Da nach derzeitigem Stand zwischen 160 und 190 Zuhörer in die Kulmbacher Petrikirche dürfen, plant Christian Reitenspieß für den 8. November eine Aufführung der frühen Bachkantate "Gottes Zeit ist die allerbeste Zeit" (BWV 106) in kleiner Besetzung und mit noch kleinerer instrumentalen Begleitung. Für den ersten Advent ist eine Aufführung von Benjamin Brittens Weihnachtskomposition "A Ceremony of carols" angesetzt. Dazu benötige man nur eine Harfenbegleitung, außerdem dauere das Stück gerade mal eine halbe Stunde. Bachs Markuspassion und Mendelssohns Lobgesang sollen dann im kommenden Jahr nachgeholt werden.
Was während der zurückliegenden Monate geblieben sei, war das Spiel der Orgel. "Das war das einzige Lebenszeichen der Kirche nach dem Lockdown", so Reitenspieß. Bis zu sechs Mal habe er pro Woche bei offener Kirchentür gespielt. Meist eher als öffentliches Üben. Mittlerweile hätten sich der Mittwochabend, 18.30 Uhr, in der Spitalkirche und der Sonntagmittag (11 Uhr) in der Petrikirche als "Musikalische Gebetszeiten" etabliert, auch während der Ferienzeit. Nicht nur die Kulmbacher selbst, auch viele Besucher der Stadt treten ein, lauschen ein wenig den Klängen und gehen wieder. Genauso sei das auch gewollt. "Man muss halt Fantasie mitbringen", stellt der Kantor fest.
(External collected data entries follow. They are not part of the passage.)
Lemma length_flat_map_pair (f g : R -> R) l :
  length (flat_map (fun m => [f m; g m]) l) = (2 * length l)%nat.
Proof. induction l as [|a l IH]; simpl; [reflexivity | rewrite IH; lia]. Qed.

Lemma length_breakpoints n : (length (breakpoints n) + 1 = 2 ^ S n)%nat.
Proof.
  assert (Hmid : forall j, length (midpoints j) = (2 ^ j)%nat).
  { induction j as [|j IH]; simpl; [reflexivity |].
    rewrite length_flat_map_pair, IH. lia. }
  unfold breakpoints. cbn [length].
  induction n as [|n IH]; [reflexivity |].
  rewrite seq_S, flat_map_app, length_app. simpl (flat_map _ [_]).
  rewrite app_nil_r, length_flat_map_pair, Hmid. simpl in *. lia.
Qed.

Lemma realize_exact_or_near n x :
  realize (bisection_net K t half_width n) x = - sin (midpoint (wrap x) n) \/
  exists P, In P (breakpoints n) /\ Rabs (x - P) < / K.
Proof.
  destruct (Rlt_le_dec (Rabs x) (/ K)) as [Hnear|Hfar0].
  { right. exists 0. split; [now left | now rewrite Rminus_0_r]. }
  set (y := wrap x).
  destruct (classic (forall i, (0 <= i < 0 + n)%nat -> / K <= Rabs (y - Psi t (midpoint y i))))
    as [Hfar|Hnear].
  - left. rewrite realize_bisection_net, start_state_wrap, iter_steps_midpoint by assumption.
    apply readout_sin.
  - right. apply not_all_ex_not in Hnear as [i Hi].
    apply imply_to_and in Hi as [Hi Hnear]. apply Rnot_le_lt in Hnear.
    exists (if Rlt_dec x 0 then Psi t (midpoint y i) - 2 * PI else Psi t (midpoint y i)).
    split.
    + right. apply in_flat_map. exists i. split; [apply in_seq; lia |].
      apply in_flat_map. exists (midpoint y i). split; [apply midpoint_in_midpoints |].
      destruct Rlt_dec; simpl; auto.
    + replace (x - _) with (y - Psi t (midpoint y i)) by (unfold y, wrap; destruct Rlt_dec; ring).
      exact Hnear.
Qed.

Lemma bisection_error_pointwise n x : - 2 * PI <= x <= 2 * PI ->
  Rabs (realize (bisection_net K t half_width n) x - U t x)
  <= half_width / 2 ^ n + 2 * hat_sum K (breakpoints n) x.
Proof.
  intros Hx.
  assert (0 < half_width / 2 ^ n)
    by (apply Rdiv_lt_0_compat; [apply half_width_pos | apply pow_lt; lra]).
  assert (Hsum := hat_sum_nonneg K (breakpoints n) x).
  rewrite U_wrap.
  destruct (realize_exact_or_near n x) as [-> | [P [HP Hnear]]].
  - assert (Hy : 0 <= wrap x <= 2 * PI) by (unfold wrap; destruct Rlt_dec; lra).
    destruct (midpoint_spec (wrap x) Hy n) as [_ [_ Herr]].
    replace (_ - _) with (sin (Psi_inv t (wrap x)) - sin (midpoint (wrap x) n)) by ring.
    assert (Hlip := sin_lipschitz (Psi_inv t (wrap x)) (midpoint (wrap x) n)). lra.
  - assert (1 <= hat_sum K (breakpoints n) x)
      by (eapply Rle_trans; [apply (hat_ge_1 K hK P x Hnear) | apply hat_le_hat_sum, HP]).
    eapply Rle_trans; [apply Rabs_triang |]. rewrite !Rabs_Ropp, realize_bisection_net.
    assert (Hout := readout_bound (iter_steps K t half_width 0 n (start_state K x))).
    assert (Rabs (sin (Psi_inv t (wrap x))) <= 1)
      by (apply Rabs_le_between, SIN_bound).
    lra.
Qed.

End Bisection.

(** * The L^1 error *)

Section Error.

Variables t K : R.
Hypotheses (ht : 1 < t) (hK : 0 < K).

Lemma ex_RInt_bisection_error n :
  ex_RInt (fun x => Rabs (realize (bisection_net K t (half_width t) n) x - U t x))
    (- 2 * PI) (2 * PI).
Proof.
  assert (HPI := PI_RGT_0).
  assert (Hcont : forall s, ex_RInt
    (fun x => Rabs (realize (bisection_net K t (half_width t) n) x
                    + sin (Psi_inv_clamped t (x + s))))
    (- 2 * PI) (2 * PI)).
  { intros s. apply ex_RInt_continuity_pt. intros x.
    apply (continuity_pt_comp _ Rabs); [| apply Rcontinuity_abs].
    apply continuity_pt_plus with (f2 := fun y => sin (Psi_inv_clamped t (y + s)));
      [apply continuity_pt_realize |].
    apply (continuity_pt_comp (fun y => Psi_inv_clamped t (y + s)) sin); [| apply continuity_sin].
    apply (continuity_pt_comp (fun y => y + s)); [| apply continuity_pt_Psi_inv_clamped, ht].
    apply continuity_pt_plus with (f2 := fun _ => s);
      [apply derivable_continuous_pt, derivable_pt_id |
       apply continuity_pt_const; now intros ? ?]. }
  apply ex_RInt_Chasles with 0.
  - eapply ex_RInt_ext;
      [| apply (@ex_RInt_Chasles_1 R_CompleteNormedModule _ _ _ (2 * PI));
         [lra | apply (Hcont (2 * PI))]].
    intros x Hx. rewrite Rmin_left, Rmax_right in Hx by lra.
    unfold U, Psi_inv_clamped. destruct Rlt_dec; [| lra].
    rewrite Rmin_right, Rmax_right by lra. f_equal. ring.
  - eapply ex_RInt_ext;
      [| apply (@ex_RInt_Chasles_2 R_CompleteNormedModule _ (- 2 * PI)); [lra | apply (Hcont 0)]].
    intros x Hx. rewrite Rmin_left, Rmax_right in Hx by lra.
    unfold U, Psi_inv_clamped. destruct Rlt_dec; [lra |].
    rewrite Rplus_0_r, Rmin_right, Rmax_right by lra. f_equal. ring.
Qed.

Lemma RInt_bisection_error_le n :
  RInt (fun x => Rabs (realize (bisection_net K t (half_width t) n) x - U t x)) (- 2 * PI) (2 * PI)
  <= 4 * PI * (half_width t / 2 ^ n) + 2 ^ S n * (16 / K).
Proof.
  assert (HPI := PI_RGT_0).
  set (pts := breakpoints t n). set (c := half_width t / 2 ^ n).
  assert (Hex : ex_RInt (hat_sum K pts) (- 2 * PI) (2 * PI))
    by (apply ex_RInt_continuity_pt, continuity_pt_hat_sum).
  assert (Hex2 : ex_RInt (fun x => 2 * hat_sum K pts x) (- 2 * PI) (2 * PI))
    by (apply (ex_RInt_scal (hat_sum K pts)), Hex).
  eapply Rle_trans.
  { apply (RInt_le _ (fun x => c + 2 * hat_sum K pts x)).
    - lra.
    - apply ex_RInt_bisection_error.
    - apply (ex_RInt_plus (fun _ => c) (fun x => 2 * hat_sum K pts x));
        [apply ex_RInt_const | exact Hex2].
    - intros x Hx. apply (bisection_error_pointwise t K ht hK). lra. }
  rewrite (RInt_plus (fun _ => c) (fun x => 2 * hat_sum K pts x))
    by (apply ex_RInt_const || exact Hex2).
  rewrite RInt_const, (RInt_scal (hat_sum K pts)) by exact Hex.
  assert (Hsum := RInt_hat_sum_le K hK (- 2 * PI) (2 * PI) pts ltac:(lra)).
  assert (Hlen : INR (length pts) <= 2 ^ S n).
  { rewrite <- (Rmult_1_l (2 ^ S n)). replace 2 with (INR 2) by reflexivity.
    rewrite <- pow_INR, <- (length_breakpoints t n), plus_INR. simpl. lra. }
  assert (0 < 8 / K) by (apply Rdiv_lt_0_compat; lra).
  assert (INR (length pts) * (8 / K) <= 2 ^ S n * (8 / K)) by (apply Rmult_le_compat_r; lra).
  replace (2 ^ S n * (16 / K)) with (2 * (2 ^ S n * (8 / K))) by (field; lra).
  change plus with Rplus. change scal with Rmult. lra.
Qed.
Christian Reitenspieß wurde im mittelfränkischen Diespeck, bei Neustadt an der Aisch geboren. Im nahen Markt Erlbach spielte er zum ersten Mal die Orgel. Schon vorher, im Alter von neun Jahren, begann er mit dem Klavierspiel, mit zehn Jahren folgte die Posaune, ehe er sich mit elf für die Orgel entschied. Reitenspieß hat in Bayreuth Kirchenmusik studiert und in Hof sein Berufspraktikum absolviert. Nach 16 Jahren Tätigkeit wurde er im Oktober 2019 an seiner vorherigen Stelle in Melsungen, südlich von Kassel, in Nordhessen verabschiedet. Zuvor war er sechs Jahre lang im südhessischen Gelnhausen tätig. In Kulmbach ist er offiziell seit Anfang Dezember vergangenen Jahres tätig.